事後他有囑咐她請家庭醫生過來看看的,她沒就醫麼?
所以那塊淤血損傷了她的大腦?
“你把話說清楚點。”
溫情開始懷疑這男人到底愛不愛亞瑟薇了。
一個男人,若真的深愛一個女人,又怎會忽略那麼大一塊致命傷?
大腦淤血,但凡有點醫學常識的人,都應該請醫生好好治療,而不是讓血慢慢滲入神經系統,變成血塊。
“那塊淤血剛好在她的視覺神經上,如果一開始及時處理掉,也不至於形成血塊,壓迫到她的腦部神經。”
說到這兒,她冷笑起來,“你應該不止一次兩次推她,她的額頭也應該不止一次兩次受撞擊吧?

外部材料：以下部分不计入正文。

(* Weighted AM-GM inequality x^a c^(1-a) <= a x + (1-a) c for 0 < a < 1,
   again an instance of Young's inequality with exponents 1/a and 1/(1-a). *)
Lemma powR_am_gm (a x c : R) : 0 < a -> a < 1 -> 0 <= x -> 0 <= c ->
  x `^ a * c `^ (1 - a) <= a * x + (1 - a) * c.
Proof.
move=> a_gt0 a_lt1 x_ge0 c_ge0.
have a1_gt0 : 0 < 1 - a by lra.
have := conjugate_powR (powR_ge0 x a) (powR_ge0 c (1 - a))
  (_ : 0 < a^-1) (_ : 0 < (1 - a)^-1).
rewrite ?invr_gt0 // !invrK -!powRrM !mulfV ?gt_eqF // !powRr1 //.
have -> : a + (1 - a) = 1 by ring.
by move=> /(_ a_gt0 a1_gt0 erefl) /le_trans; apply; lra.
Qed.

(* Gibbs-type bound x ln(x/u) >= x ln(c/u) + (x - c), i.e. ln t <= t - 1
   applied to t = c/x; it also holds at x = 0 thanks to the convention ln 0 = 0. *)
Lemma xlnx_tangent (x c u : R) : 0 <= x -> 0 < c -> 0 < u ->
  (x - c) + x * ln (c / u) <= x * ln (x / u).
Proof.
move=> x_ge0 c_gt0 u_gt0.
have [->|x_neq0] := eqVneq x 0; first by rewrite !mul0r sub0r addr0 oppr_le0 ltW.
have x_gt0 : 0 < x by rewrite lt_neqAle eq_sym x_neq0.
have ln_le : ln (c / x) <= c / x - 1.
  have := @le_ln1Dx R (c / x - 1); rewrite (addrC 1) subrK; apply.
  have : 0 < c / x by rewrite divr_gt0.
  lra.
rewrite ln_div ?posrE // in ln_le.
rewrite !ln_div ?posrE //.
have : x * (ln c - ln x) <= x * (c / x - 1) by rewrite ler_pM2l.
have -> : x * (c / x - 1) = c - x by field; rewrite gt_eqF.
lra.
Qed.

(* Summing the three
   pointwise bounds above shows that the constant family minimises the power
   sum for a > 1, maximises it for a < 1, and minimises the entropy-like sum.  *)
Section ConstantFamily.
Variables (I : finType) (J : {pred I}) (x : I -> R) (c : R).
Hypothesis x_ge0 : forall i, 0 <= x i.
Hypothesis c_ge0 : 0 <= c.
Hypothesis mass : \sum_(i in J) x i = #|J|%:R * c.

Lemma mass0_eq0 : c = 0 -> forall i, i \in J -> x i = 0.
Proof.
move=> c0; move: mass; rewrite c0 mulr0 => /psumr_eq0P; apply => i _; exact: x_ge0.
Qed.

Lemma sum_powR_ge_const (a : R) : 1 < a ->
  #|J|%:R * c `^ a <= \sum_(i in J) x i `^ a.
Proof.
move=> a_gt1.
have tangent : \sum_(i in J) x i * (a * c `^ (a - 1)) <=
               \sum_(i in J) (x i `^ a + (a - 1) * c `^ a).
  by apply: ler_sum => i _; apply: powR_tangent.
rewrite big_split /= -mulr_suml mass !sum_const_card in tangent.
have a_gt0 : 0 < a by lra.
have lhs : #|J|%:R * c * (a * c `^ (a - 1)) = a * (#|J|%:R * c `^ a).
  by rewrite -(mulr_powRB1 c_ge0 a_gt0); ring.
rewrite lhs in tangent; lra.
Qed.

Lemma sum_powR_le_const (a : R) : 0 < a -> a < 1 ->
  \sum_(i in J) x i `^ a <= #|J|%:R * c `^ a.
Proof.
move=> a_gt0 a_lt1.
have [c0|c_neq0] := eqVneq c 0.
  rewrite big1 ?mulr_ge0 ?powR_ge0 // => i iJ.
  by rewrite (mass0_eq0 c0 _ iJ) powR0 // gt_eqF.
have c_gt0 : 0 < c by rewrite lt_neqAle eq_sym c_neq0.
have am_gm : \sum_(i in J) x i `^ a * c `^ (1 - a) <=
             \sum_(i in J) (a * x i + (1 - a) * c).
  by apply: ler_sum => i _; apply: powR_am_gm.
rewrite big_split /= -mulr_suml -mulr_sumr mass !sum_const_card in am_gm.
have c_split : c = c `^ a * c `^ (1 - a).
  rewrite -powRD; last by rewrite c_neq0 implybT.
  by rewrite addrC subrK powRr1.
rewrite -(ler_pM2r (powR_gt0 (1 - a) c_gt0)) -mulrA -c_split.
by apply: le_trans am_gm _; lra.
Qed.

Lemma sum_xlnx_ge_const (u : R) : 0 < u ->
  #|J|%:R * (c * ln (c / u)) <= \sum_(i in J) x i * ln (x i / u).
Proof.
move=> u_gt0.
have [c0|c_neq0] := eqVneq c 0.
  rewrite c0 mul0r mulr0 big1 // => i iJ.
  by rewrite (mass0_eq0 c0 _ iJ) mul0r.
have c_gt0 : 0 < c by rewrite lt_neqAle eq_sym c_neq0.
have tangent : \sum_(i in J) ((x i - c) + x i * ln (c / u)) <=
                \sum_(i in J) x i * ln (x i / u).
  by apply: ler_sum => i _; apply: xlnx_tangent.
apply: le_trans tangent.
by rewrite big_split /= sumrB -mulr_suml mass sum_const_card subrr add0r mulrA.
Qed.

End ConstantFamily.
End ConvexityBounds.

Section DivergenceFromUniform.
Context {R : realType} {M : nat}.
Hypothesis M_gt0 : (0 < M)%N.

Lemma renyi_unif (a : R) (P : 'I_M -> R) : a != 1 -> 0 < \sum_m P m `^ a ->
  renyi a P unif = (a - 1)^-1 * ln (\sum_m P m `^ a) + ln M%:R.
Proof.
move=> a_neq1 sum_gt0.
have M_pos : (0 : R) < M%:R by rewrite ltr0n.
rewrite /renyi /unif -mulr_suml lnM ?posrE ?powR_gt0 ?invr_gt0 //.
rewrite ln_powR lnV ?posrE //.
have a1_neq0 : a - 1 != 0 by rewrite subr_eq0.
by field.
Qed.

Lemma sum_powR_gt0 (a : R) (P : 'I_M -> R) : (forall m, 0 <= P m) ->
  0 < \sum_m P m -> 0 < \sum_m P m `^ a.
Proof.
move=> P_ge0 sum_gt0.
rewrite lt_neqAle sumr_ge0 ?andbT => [|m _]; last exact: powR_ge0.
apply/eqP => /esym sum_a0.
have P_a0 m : P m `^ a = 0.
  by move/psumr_eq0P: sum_a0; apply=> // i _; apply: powR_ge0.
suff P0 : \sum_m P m = 0 by rewrite P0 ltxx in sum_gt0.
by apply: big1 => m _; apply: (@powR_eq0_eq0 _ _ a).
Qed.

End DivergenceFromUniform.

Section BlockUniform.
Context {R : realType} {M : nat} (A : {pred 'I_M}) (sA sB : R).
Hypothesis A_gt0 : (0 < #|A|)%N.
Hypothesis Ac_gt0 : (0 < #|[predC A]|)%N.
Hypothesis sA_gt0 : 0 < sA.
Hypothesis sB_ge0 : 0 <= sB.
Hypothesis total_mass : sA + sB = 1.

Local Notation nA := (#|A|%:R : R).
Local Notation nB := (#|[predC A]|%:R : R).
Local Notation cA := (sA / nA).
Local Notation cB := (sB / nB).

Definition block_masses (P : 'I_M -> R) : Prop :=
  [/\ forall m, 0 <= P m, \sum_(m in A) P m = sA & \sum_(m in [predC A]) P m = sB].

Definition block_unif : 'I_M -> R := fun m => if m \in A then cA else cB.

Let nA_gt0 : 0 < nA. Proof. by rewrite ltr0n. Qed.
Let nB_gt0 : 0 < nB. Proof. by rewrite ltr0n. Qed.
Let cA_gt0 : 0 < cA. Proof. exact: divr_gt0. Qed.
Let cB_ge0 : 0 <= cB. Proof. by rewrite divr_ge0 // ltW. Qed.
Let nA_cA : nA * cA = sA. Proof. by rewrite mulrC divfK // gt_eqF. Qed.
Let nB_cB : nB * cB = sB. Proof. by rewrite mulrC divfK // gt_eqF. Qed.
Let M_gt0 : (0 < M)%N.
Proof. by apply: leq_trans A_gt0 _; rewrite -[X in (_ <= X)%N]card_ord max_card. Qed.

Lemma sum_blocks (F : 'I_M -> R) :
  \sum_m F m = \sum_(m in A) F m + \sum_(m in [predC A]) F m.
Proof. by rewrite (bigID [in A]). Qed.

Lemma sum_block_unif (f : R -> R) :
  \sum_m f (block_unif m) = nA * f cA + nB * f cB.
Proof.
rewrite sum_blocks (eq_bigr (fun=> f cA)) => [|m mA]; last by rewrite /block_unif mA.
rewrite [X in _ + X](eq_bigr (fun=> f cB)) => [|m]; last first.
  by rewrite inE /block_unif => /negbTE ->.
by rewrite !sum_const_card.
Qed.

Lemma block_unif_masses : block_masses block_unif.
Proof.
split=> [m | |]; first by rewrite /block_unif; case: ifP => _; [exact: ltW|].
- rewrite (eq_bigr (fun=> cA)) => [|m mA]; last by rewrite /block_unif mA.
  by rewrite sum_const_card nA_cA.
- rewrite (eq_bigr (fun=> cB)) => [|m]; last by rewrite inE /block_unif => /negbTE ->.
  by rewrite sum_const_card nB_cB.
Qed.

Lemma block_masses_prob (P : 'I_M -> R) : block_masses P -> prob_vec P.
Proof. by case=> P_ge0 massA massB; split=> //; rewrite sum_blocks massA massB. Qed.

Lemma renyi_block_value (a : R) : a != 1 ->
  renyi a block_unif unif = (a - 1)^-1 * ln (nA * cA `^ a + nB * cB `^ a) + ln M%:R.
Proof.
move=> a_neq1; have [block_ge0 massA massB] := block_unif_masses.
rewrite renyi_unif ?(sum_block_unif (fun x => x `^ a)) // -(sum_block_unif (fun x => x `^ a)).
by apply: sum_powR_gt0 => //; rewrite sum_blocks massA massB total_mass.
Qed.

Lemma renyi1_block_value : renyi1 block_unif unif = sA * ln cA + sB * ln cB + ln M%:R.
Proof.
have M_pos : (0 : R) < M%:R by rewrite ltr0n.
rewrite /renyi1 /unif (sum_block_unif (fun x => x * ln (x / M%:R^-1))) invrK.
rewrite (mul_ln_scale _ _ (ltW cA_gt0) M_pos) (mul_ln_scale _ _ cB_ge0 M_pos).
have -> : sB = 1 - sA by rewrite -total_mass; ring.
by field; rewrite !gt_eqF.
Qed.

(* For the order infinity the block values must be ordered: the largest
   likelihood ratio of block_unif is then attained on A. *)
Hypothesis cB_le_cA : cB <= cA.

Lemma renyi_inf_block_value : renyi_inf block_unif unif = ln cA + ln M%:R.
Proof.
have M_pos : (0 : R) < M%:R by rewrite ltr0n.
rewrite /renyi_inf /unif -lnM ?posrE //; congr ln; apply/le_anti/andP; split.
- apply: bigmax_le => [|m _]; first by rewrite mulr_ge0 // ltW.
  by rewrite invrK ler_pM2r // /block_unif; case: ifP.
- case/card_gt0P: A_gt0 => m0 m0A.
  by apply: le_trans (le_bigmax _ _ m0); rewrite /block_unif m0A invrK.
Qed.

Section Comparison.
Variable P : 'I_M -> R.
Hypothesis P_masses : block_masses P.

Let P_ge0 : forall m, 0 <= P m. Proof. by case: P_masses. Qed.
Let massA : \sum_(m in A) P m = nA * cA. Proof. by case: P_masses => _ -> _. Qed.
Let massB : \sum_(m in [predC A]) P m = nB * cB. Proof. by case: P_masses => _ _ ->. Qed.
Let sum_P_gt0 : 0 < \sum_m P m.
Proof. by rewrite sum_blocks massA massB nA_cA nB_cB total_mass. Qed.

Let sum_powR_P_gt0 (a : R) : 0 < \sum_m P m `^ a.
Proof. exact: sum_powR_gt0. Qed.

Lemma sum_powR_block_ge (a : R) : 1 < a ->
  \sum_m block_unif m `^ a <= \sum_m P m `^ a.
Proof.
move=> a_gt1; rewrite (sum_block_unif (fun x => x `^ a)) sum_blocks.
by apply: lerD; apply: sum_powR_ge_const => //; exact: ltW.
Qed.

Lemma sum_powR_block_le (a : R) : 0 < a -> a < 1 ->
  \sum_m P m `^ a <= \sum_m block_unif m `^ a.
Proof.
move=> a_gt0 a_lt1; rewrite (sum_block_unif (fun x => x `^ a)) sum_blocks.
by apply: lerD; apply: sum_powR_le_const => //; exact: ltW.
Qed.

風先生,拜你所賜,她的雙眼已經徹底失明,若血塊與視覺神經融合在了一塊,她這輩子都毀了。”
伴隨着最後一個字音落下,病房裏霎時變得落針可聞。
仔細聽的話,還能聽到彼此的呼吸聲。
溫情覺得還不夠,又繼續道:“從淤血凝結成血塊有個過程,也就是說,她的視力時好時壞,
我不知道她這段時間怎麼熬過來的,心裏該有多恐懼,就你的所作所爲,是真沒臉再見她,
五年前她早產的事,你還沒查清楚吧,我發發善心,一塊告訴你得了,免得你再費心,
當年是你姐買通了她身邊的傭人,製造了一場意外,導致了她提前發動,生下奄奄一息的孩子,
別以爲揚揚能活到現在是你姐良心發現,手下留情,她當時可連半分情面都沒講,
得知傭人背叛了她,帶着孩子逃了出去後,她調派大量的人手去追殺,硬生生將兩人逼到了西雅圖,
如果不是我碰巧撞上,你覺得你的兒子,你風家的種,能安安穩穩活到現在麼?
哦,對了,你姐一個月前查到揚揚頭上,還派了僱傭兵去邊城追殺他,要不是周顧去得及時,你認爲孩子能活下來麼?
風冷冽,我姐除了在風老先生的事情上糊塗了一回,沒有其他地方對不住你,你他媽別總是一副受害者的姿態,
知道她爲何突然上交女王的罪證麼?是你那好姐姐說孩子在她手上,藉此要挾,
昨晚要不是我及時趕到,飄在人工湖裏的屍體,就不是冒牌貨,而是她本人了。”
說到最後,她幾乎是用吼出來的。
因爲自己曾親身經歷過,知道那種被陷害,被算計,被冤枉的滋味有多難受,所以她能共情。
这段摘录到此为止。